Detailed Description
The present invention will be described in further detail with reference to the accompanying drawings and examples.
In order to make the aforementioned objects, features and advantages of the present invention comprehensible, embodiments accompanied with figures are described in detail below. In the following description, numerous specific details are set forth in order to provide a thorough understanding of the present invention. This invention may, however, be embodied in many different forms and should not be construed as limited to the embodiments set forth herein, but rather should be construed as modified in the spirit and scope of the present invention as set forth in the appended claims.
Unless defined otherwise, all technical and scientific terms used herein have the same meaning as commonly understood by one of ordinary skill in the art to which this invention belongs. The terminology used in the description of the invention herein is for the purpose of describing particular embodiments only and is not intended to be limiting of the invention.
In industrial production, a great deal of data can be generated by arranging various edge devices (such as mechanical arms, cameras, sensors and the like), the network delay of the conventional cloud computing method is large, and meanwhile, the problem of computing load exists in the transmission and storage of the mass data. The invention designs a method capable of realizing intelligent computation at the edge side of equipment, the framework of which is shown in figure 1, an edge sensing layer collects state data of the equipment in industrial production and transmits the state data to an edge gateway, and an edge intelligent computation model is deployed in the edge intelligent gateway to realize intelligent sensing and intelligent decision.

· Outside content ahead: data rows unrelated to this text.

Definition is_closed {X : Type} (opn : (X -> Prop) -> Prop) (A : X -> Prop) : Prop :=
  opn (fun x => ~ A x).

Definition cl {X : Type} (opn : (X -> Prop) -> Prop) (A : X -> Prop) : X -> Prop :=
  fun x => forall U, opn U -> U x -> exists y, U y /\ A y.

Definition locally_closed {X : Type} (opn : (X -> Prop) -> Prop) (A : X -> Prop) : Prop :=
  is_closed opn (setD (cl opn A) A).

(* points of R^(n+1) are encoded as functions nat -> R; the standard
   n-simplex uses coordinates 0..n and vanishes elsewhere *)
Definition simplex (n : nat) (p : nat -> R) : Prop :=
  (forall i, (i <= n)%nat -> (0 <= p i)%R) /\
  (forall i, (n < i)%nat -> p i = 0%R) /\
  sum_f_R0 p n = 1%R.

Definition simplex_open (n : nat) (S : (nat -> R) -> Prop) : Prop :=
  forall p, simplex n p -> S p ->
    exists eps : R, (0 < eps)%R /\
      forall q, simplex n q -> (forall i, (i <= n)%nat -> (Rabs (q i - p i) < eps)%R) -> S q.

Definition sing_simplex {X : Type} (opn : (X -> Prop) -> Prop) (n : nat)
  (s : (nat -> R) -> X) : Prop :=
  forall U, opn U -> simplex_open n (fun p => U (s p)).

Definition face (i : nat) (p : nat -> R) : nat -> R :=
  fun j => if Nat.ltb j i then p j else if Nat.eqb j i then 0%R else p (j - 1)%nat.

Definition chain (X : Type) := list (Z * ((nat -> R) -> X)).

Definition same_simplex {X : Type} (n : nat) (s t : (nat -> R) -> X) : Prop :=
  forall p, simplex n p -> s p = t p.

Definition coef {X : Type} (n : nat) (c : chain X) (t : (nat -> R) -> X) : Z :=
  fold_right (fun e acc =>
     ((if excluded_middle_informative (same_simplex n (snd e) t) then fst e else 0%Z)
      + acc)%Z) 0%Z c.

The edge task scheduling model is arranged on the edge server side and mainly plans task scheduling, and the calculation tasks of the edge measurement are unloaded to the edge server.
The edge task scheduling model can be realized in the following modes:
acquiring state data and equipment information of equipment in industrial production, and transmitting the state data and the equipment information to an edge gateway;
the edge server acquires equipment information through data transmission with the edge gateway, and plans task scheduling according to the equipment information and the data transmission state to obtain the task quantity unloaded to the edge gateway by all the terminal equipment;
and distributing tasks for the terminal equipment according to the task amount of each edge gateway.

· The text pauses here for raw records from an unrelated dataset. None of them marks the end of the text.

(* Let $n\ge 1$, let $w_n\ge\dots\ge w_1>0$ be real weights and let $B\in\{1,\dots,n\}$. Consider RLS (defined in the context) minimising the penalised fitness \[ f(x)=\sum_{i=1}^n w_i x_i+\max\{0,\,B-b(x)\}\cdot(n w_n+1),\qquad b(x)=\sum_{i=1}^n x_i . \] Starting with an arbitrary initial search point, the expected optimisation time of RLS is $O(n^2)$, where the hidden constant does not depend on $n$, the weights, or $B$.
   Context: Problem: minimise $f_{\mathrm{obj}}(x)=\sum_{i=1}^n w_ix_i$ over $x\in\{0,1\}^n$ subject to $x_1+\dots+x_n\ge B$. A search point is optimal if it satisfies the constraint and minimises $f_{\mathrm{obj}}$ among all points satisfying the constraint. RLS: maintain a current search point $x_t$; in each iteration choose $b\in\{1,2\}$ uniformly at random, create $x'$ by flipping $b$ distinct bits of $x_t$ chosen uniformly at random; set $x_{t+1}=x'$ if $f(x')\le f(x_t)$, otherwise $x_{t+1}=x_t$. The optimisation time is the number of iterations until an optimal search point has been sampled for the first time. *)

From mathcomp Require Import all_boot all_order all_algebra.
Set Implicit Arguments. Unset Strict Implicit. Unset Printing Implicit Defensive.
Import Order.TTheory GRing.Theory Num.Theory.
Local Open Scope ring_scope.

Section RLS.
Variables (R : realFieldType) (n : nat).

(* Search points x in {0,1}^n; bit i (0-based) is x_{i+1}. *)
Definition point := {ffun 'I_n -> bool}.

Definition ones (x : point) : nat := #|[set i | x i]|.

(* Weights w : nat -> R, used at indices 1..n (w_i = w i). *)
Definition fobj (w : nat -> R) (x : point) : R :=
  \sum_(i < n) (x i)%:R * w i.+1.

(* penalised fitness f(x) = fobj(x) + max{0, B - b(x)} * (n w_n + 1);
   max{0, B - b(x)} is the truncated natural subtraction. *)
Definition fpen (w : nat -> R) (B : nat) (x : point) : R :=
  fobj w x + (B - ones x)%N%:R * (n%:R * w n + 1).

Definition feasible (B : nat) (x : point) : bool := (B <= ones x)%N.

Definition optimal (w : nat -> R) (B : nat) (x : point) : bool :=
  feasible B x && [forall y : point, feasible B y ==> (fobj w x <= fobj w y)].

Definition hamming (x y : point) : nat := #|[set i | x i != y i]|.

(* Probability that flipping b distinct uniformly chosen bits of x gives y.
   Convention: if there is no set of b distinct positions ('C(n,b) = 0,
   i.e. n = 1, b = 2) nothing is flipped. *)
Definition mutb (b : nat) (x y : point) : R :=
  if 'C(n, b) == 0%N then (y == x)%:R
  else (hamming x y == b)%:R / 'C(n, b)%:R.

Definition mut (x y : point) : R := (mutb 1 x y + mutb 2 x y) / 2.

Definition rls_step (f : point -> R) (x y : point) : R :=
  \sum_(z : point) mut x z *
     (if f z <= f x then (y == z)%:R else (y == x)%:R).

(* surv w B x0 t y = Pr[x_t = y and none of x_0..x_t is optimal],
   for RLS on fpen w B started in x0. *)
Fixpoint surv (w : nat -> R) (B : nat) (x0 : point) (t : nat) (y : point) : R :=
  match t with
  | 0 => ((y == x0) && ~~ optimal w B y)%:R
  | t'.+1 => (~~ optimal w B y)%:R *
             \sum_(x : point) surv w B x0 t' x * rls_step (fpen w B) x y
  end.

(* Pr[T > t], T the optimisation time *)
Definition not_hit (w : nat -> R) (B : nat) (x0 : point) (t : nat) : R :=
  \sum_(y : point) surv w B x0 t y.

End RLS.

(* Fitness levels with a drift argument.  Write |x| for the number of ones,
   a(x) for the number of ones at positions of weight > w_B and b(x) for the
   number of zeros at positions of weight < w_B.  The potential
     3n + (B - |x|)  if |x| < B,          2n + (|x| - B)  if |x| > B,
     n + a(x)        if |x| = B, a(x) > 0,   b(x)         otherwise
   never increases under an accepted move and vanishes only at optimal points.
   Above 2n a single bit flip (probability >= 1/(2n)) lowers it; at level n + a
   (resp. b) each of at least a^2 (resp. b^2) swaps of a one and a zero lowers it
   without increasing the fitness, each with probability >= 1/n^2.  The sum g of
   the inverse progress probabilities of all levels up to the current one thus
   drops by at least 1 in expectation per step, whence
   E[T] <= g(x_0) <= (2n)(2n) + 2 sum_k n^2/k^2 <= 8n^2. *)

From mathcomp Require Import all_boot all_order all_algebra.
From mathcomp Require Import zify ring lra.
Set Implicit Arguments. Unset Strict Implicit. Unset Printing Implicit Defensive.
Import Order.TTheory GRing.Theory Num.Theory.
Local Open Scope ring_scope.

Section BitFlips.
Variables (R : realFieldType) (n : nat).
Local Notation point := (point n).
Implicit Types (x z : point) (S : {set 'I_n}).

Definition flip S x : point := [ffun k => (k \in S) (+) x k].

Definition diff_set x z : {set 'I_n} := [set i | x i != z i].

Lemma flip_diff_set x z : flip (diff_set x z) x = z.
Proof. by apply/ffunP=> k; rewrite ffunE inE; case: (x k); case: (z k). Qed.

Lemma diff_set_flip S x : diff_set x (flip S x) = S.
Proof. by apply/setP=> k; rewrite inE ffunE; case: (k \in S); case: (x k). Qed.

Lemma hamming_flip S x : hamming x (flip S x) = #|S|.
Proof. exact: (congr1 (fun S => #|S|) (diff_set_flip S x)). Qed.

Lemma card_le_n S : (#|S| <= n)%N.
Proof. by rewrite -[n in (_ <= n)%N]card_ord max_card. Qed.

Lemma card_ord_lt m : (m <= n)%N -> #|[set k : 'I_n | (k < m)%N]| = m.
Proof.
move=> le_mn; have inj : injective (widen_ord le_mn).
  by move=> a b /(congr1 val) /= /val_inj.
rewrite -[RHS]card_ord -(card_imset _ inj); apply: eq_card => k; rewrite inE.
apply/idP/imsetP => [lt_km | [j _ ->]]; last exact: (ltn_ord j).
by exists (Ordinal lt_km) => //; apply: val_inj.
Qed.

Definition bitsum (F : bool -> 'I_n -> R) x : R := \sum_k F (x k) k.

Lemma bitsum_flip F S x :
  bitsum F (flip S x) = bitsum F x + \sum_(k in S) (F (~~ x k) k - F (x k) k).
Proof.
rewrite /bitsum (bigID (mem S)) [\sum_k F (x k) k](bigID (mem S)) /= sumrB.
rewrite (eq_bigr (fun k => F (~~ x k) k)) => [|k kS]; last by rewrite ffunE kS.
rewrite [\sum_(k | k \notin S) _](eq_bigr (fun k => F (x k) k)) => [|k kS].
  by ring.
by rewrite ffunE (negbTE kS).
Qed.

Lemma bitsum_flip1 F i x :
  bitsum F (flip [set i] x) = bitsum F x + (F (~~ x i) i - F (x i) i).
Proof. by rewrite bitsum_flip big_set1. Qed.

Lemma bitsum_flip2 F i j x : i != j ->
  bitsum F (flip [set i; j] x) =
  bitsum F x + (F (~~ x i) i - F (x i) i) + (F (~~ x j) j - F (x j) j).
Proof. by move=> ij; rewrite bitsum_flip big_setU1 ?inE // big_set1 addrA. Qed.

Lemma ler_b2R (b1 b2 : bool) : (b1 -> b2) -> b1%:R <= b2%:R :> R.
Proof. by case: b1; case: b2 => // /(_ isT). Qed.

Lemma card_bitsum (P : bool -> 'I_n -> bool) x :
  #|[set k | P (x k) k]|%:R = bitsum (fun v k => (P v k)%:R) x.
Proof.
rewrite -sum1_card natr_sum big_mkcond; apply: eq_bigr => k _.
by rewrite inE; case: (P _ _).
Qed.

End BitFlips.

Section Mutation.
Variables (R : realFieldType) (n : nat).
Local Notation point := (point n).
Local Notation mutb := (@mutb R n).
Local Notation mut := (@mut R n).
Implicit Types x z : point.

Lemma mutb_ge0 b x z : 0 <= mutb b x z.
Proof. by rewrite /mutb; case: ifP => _ //; rewrite divr_ge0. Qed.

Lemma mut_ge0 x z : 0 <= mut x z.
Proof. by rewrite /mut divr_ge0 // addr_ge0 // mutb_ge0. Qed.

Lemma sum_hamming_eq x b : \sum_z ((hamming x z == b)%:R : R) = 'C(n, b)%:R.
Proof.
rewrite (reindex (fun S => flip S x)); last first.
  by exists (diff_set x) => z _; rewrite ?diff_set_flip ?flip_diff_set.
under eq_bigr do rewrite hamming_flip.
have := card_draws 'I_n b; rewrite card_ord => <-.
rewrite -natr_sum -sum1_card; congr _%:R.
by rewrite [RHS]big_mkcond; apply: eq_bigr => S _; rewrite inE; case: (_ == _).
Qed.

Lemma sum_mutb b x : \sum_z mutb b x z = 1.
Proof.
rewrite /mutb; case: eqP => [_ | /eqP C0].
  by rewrite (bigD1 x) //= eqxx big1 ?addr0 // => z /negbTE ->.
by rewrite -mulr_suml sum_hamming_eq divff // pnatr_eq0.
Qed.

Lemma sum_mut x : \sum_z mut x z = 1.
Proof.
by rewrite /mut -mulr_suml big_split /= !sum_mutb divff // (_ : 1 + 1 = 2%:R) // pnatr_eq0.
Qed.

Lemma mut_support x z : mut x z != 0 ->
  [\/ z = x, exists i, z = flip [set i] x
    | exists i j, i != j /\ z = flip [set i; j] x].
Proof.
have [-> _|zx] := eqVneq z x; first exact: Or31.
rewrite -(flip_diff_set x z) in zx *; move: (diff_set x z) => S in zx *.
have [/eqP/cards1P[i ->] _|S1] := eqVneq #|S| 1%N; first by apply: Or32; exists i.
have [/eqP/cards2P[i [j [ij ->]]] _|S2] := eqVneq #|S| 2%N.
  by apply: Or33; exists i, j.
by rewrite /mut /mutb hamming_flip (negbTE zx) (negbTE S1) (negbTE S2);
  case: ifP; case: ifP; rewrite /= ?mul0r ?addr0 ?mul0r ?eqxx.
Qed.

Lemma mut_le_sum (E : pred point) x z : E z -> mut x z <= \sum_(y | E y) mut x y.
Proof. by move=> Ez; rewrite (bigD1 z) //= lerDl sumr_ge0 // => y _; exact: mut_ge0. Qed.

Lemma mut_flip1_ge (E : pred point) i x :
  E (flip [set i] x) -> 1 <= (2 * n)%:R * \sum_(z | E z) mut x z.
Proof.
move=> /(mut_le_sum x) Ez; apply: le_trans (ler_wpM2l (ler0n _ _) Ez).
have n_gt0 : (0 < n)%N := leq_ltn_trans (leq0n i) (ltn_ord i).
have nR : n%:R != 0 :> R by rewrite pnatr_eq0 -lt0n.
rewrite /mut natrM.
have -> : mutb 1 x (flip [set i] x) = n%:R^-1.
  by rewrite /mutb bin1 hamming_flip cards1 eqxx mul1r (negbTE (lt0n_neq0 n_gt0)).
have -> : 2%:R * n%:R * ((n%:R^-1 + mutb 2 x (flip [set i] x)) / 2) =
          1 + n%:R * mutb 2 x (flip [set i] x) :> R by field.
by rewrite lerDl mulr_ge0 ?mutb_ge0.
Qed.

Lemma mut_ham2_ge x z : hamming x z = 2%N -> 1 <= (n ^ 2)%N%:R * mut x z.
Proof.
move=> xz2; have n_ge2 : (2 <= n)%N by rewrite -xz2 card_le_n.
have C_gt0 : (0 < 'C(n, 2))%N by rewrite bin_gt0.
have mutb2 : mutb 2 x z = 'C(n, 2)%:R^-1.
  by rewrite /mutb xz2 eqxx (negbTE (lt0n_neq0 C_gt0)) mul1r.
have C2_le : 'C(n, 2)%:R * 2 <= (n ^ 2)%N%:R :> R.
  rewrite -natrM ler_nat bin2 muln2 halfK (leq_trans (leq_subr _ _)) //.
  by rewrite -mulnn leq_mul2l leq_pred orbT.
have CR : 0 < 'C(n, 2)%:R :> R by rewrite ltr0n.
apply: le_trans (_ : (n ^ 2)%N%:R * ('C(n, 2)%:R^-1 / 2) <= _).
  by rewrite mulrA ler_pdivlMr // mul1r ler_pdivlMr // mulrC.
by rewrite /mut mutb2 ler_wpM2l ?ler0n // ler_pM2r ?invr_gt0 // lerDr mutb_ge0.
Qed.

Lemma flip_swap_inj (A C : {set 'I_n}) x :
  {in A, forall i, x i} -> {in C, forall j, ~~ x j} ->
  {in setX A C &, injective (fun p : 'I_n * 'I_n => flip [set p.1; p.2] x)}.
Proof.
move=> xA xC [i1 j1] [i2 j2]; rewrite !inE /= => /andP[i1A j1C] /andP[i2A j2C].
move=> /(congr1 (diff_set x)); rewrite !diff_set_flip => /setP e12.
have := e12 i1; rewrite !inE eqxx /= => /esym /orP[/eqP<- | /eqP i1j2]; last first.
  by have := xC _ j2C; rewrite -i1j2 xA.
have := e12 j1; rewrite !inE eqxx orbT /= => /esym /orP[/eqP j1i1 | /eqP<- //].
by have := xC _ j1C; rewrite j1i1 xA.
Qed.

Lemma mut_swaps_ge (E : pred point) (A C : {set 'I_n}) x :
  {in A, forall i, x i} -> {in C, forall j, ~~ x j} ->
  (forall i j, i \in A -> j \in C -> E (flip [set i; j] x)) ->
  (#|A| * #|C|)%:R <= (n ^ 2)%N%:R * \sum_(z | E z) mut x z.
Proof.
move=> xA xC EAC; set swap := fun p : 'I_n * 'I_n => flip [set p.1; p.2] x.
have swap2 p : p \in setX A C -> hamming x (swap p) = 2%N.
  case: p => i j; rewrite inE /= => /andP[/xA xi /xC xj].
  by rewrite hamming_flip cards2 /=; case: eqP xj => // <-; rewrite xi.
rewrite -cardsX -(card_in_imset (flip_swap_inj xA xC)) -sum1_card natr_sum.
apply: le_trans (_ : \sum_(z in swap @: setX A C) (n ^ 2)%N%:R * mut x z <= _).
  by apply: ler_sum => _ /imsetP[p pAC ->]; exact: mut_ham2_ge (swap2 p pAC).
rewrite -mulr_sumr; apply: ler_wpM2l => //.
rewrite [X in _ <= X]big_mkcond [X in X <= _]big_mkcond; apply: ler_sum => z _.
case: ifP => [/imsetP[[i j] /setXP[iA jC] ->] | _]; first by rewrite EAC.
by case: ifP; rewrite ?mut_ge0.
Qed.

The device information includes: and the terminal equipment calculates the number of CPU cycles required by the unit bit unloading task and the effective capacitance coefficient of the terminal equipment.
The data transmission state includes: the transmission rate from the terminal device to the edge gateway, the bandwidth of the device-to-edge gateway transmission system, the transmission power from the terminal device to the edge gateway, the channel gain, and the average noise power from the terminal device to the edge gateway.
The planning task scheduling comprises the following steps:
terminal deviceThe total calculation task quantity is expressed as L, the task quantity of local calculation of the terminal equipment is expressed by L, and O is usediRepresenting the task quantity distributed by the ith edge gateway, wherein N is the total number of the edge gateways; thus, the computational task volume satisfies the following constraints:
Figure BDA0002637456310000061
when the terminal device executes the local computation task l in the whole time block T, C represents the number of CPU cycles required by the terminal device to compute the unit bit unloading task, so that the energy consumption E of the terminal device local computation is:
Figure BDA0002637456310000062
wherein k represents an effective capacitance coefficient and depends on a CPU structure of the terminal equipment, l represents a task amount of the terminal equipment for local calculation, and T is local calculation time;
when the terminal equipment selects to unload the task to the edge gateway, the transmission rate r from the terminal equipment to the edge gatewayiComprises the following steps:
Figure BDA0002637456310000063
wherein i is the ith edge gateway, N is the total number of edge gateways, B represents the bandwidth of the device-to-edge gateway transmission system, PiRepresenting the transmission power of the terminal device to the edge gateway; hi=di-kRepresenting the channel gain, diRepresenting the distance from the terminal equipment to the edge gateway, k being the fading factor, NiRepresenting the average noise power of the terminal device to the edge gateway;
task volume O for terminal device to unload to edge gatewayiExpressed as:
Figure BDA0002637456310000064
τiand processing the time slot of the terminal equipment for the ith edge gateway, wherein N is the total number of the edge gateways.
The edge intelligent calculation optimization model is a method for establishing an edge equipment calculation resource evaluation method aiming at adjustment of an intelligent algorithm such as a deep learning model and the like which is intensive in calculation and difficult to perform distributed optimization on limited calculation resources on the edge side, and the intelligent algorithm optimization method based on the edge equipment calculation resources is designed on the basis of the method, so that the real-time performance and reliability of an edge intelligent system are solved, the energy consumption and network bandwidth requirements are reduced, and the possibility of information leakage is reduced. This property can be used for inference and decision making of cross-region data.
The model is based on a convolutional neural network, the neural network with exit nodes is obtained by designing a training method so as to reduce the scale of the network and operate on an edge gateway, equipment state operation data is used as input during network training, state features are obtained by using different pooling skills, and the maximum pooling method is mainly used for obtaining a feature result by taking the maximum value of a matrix.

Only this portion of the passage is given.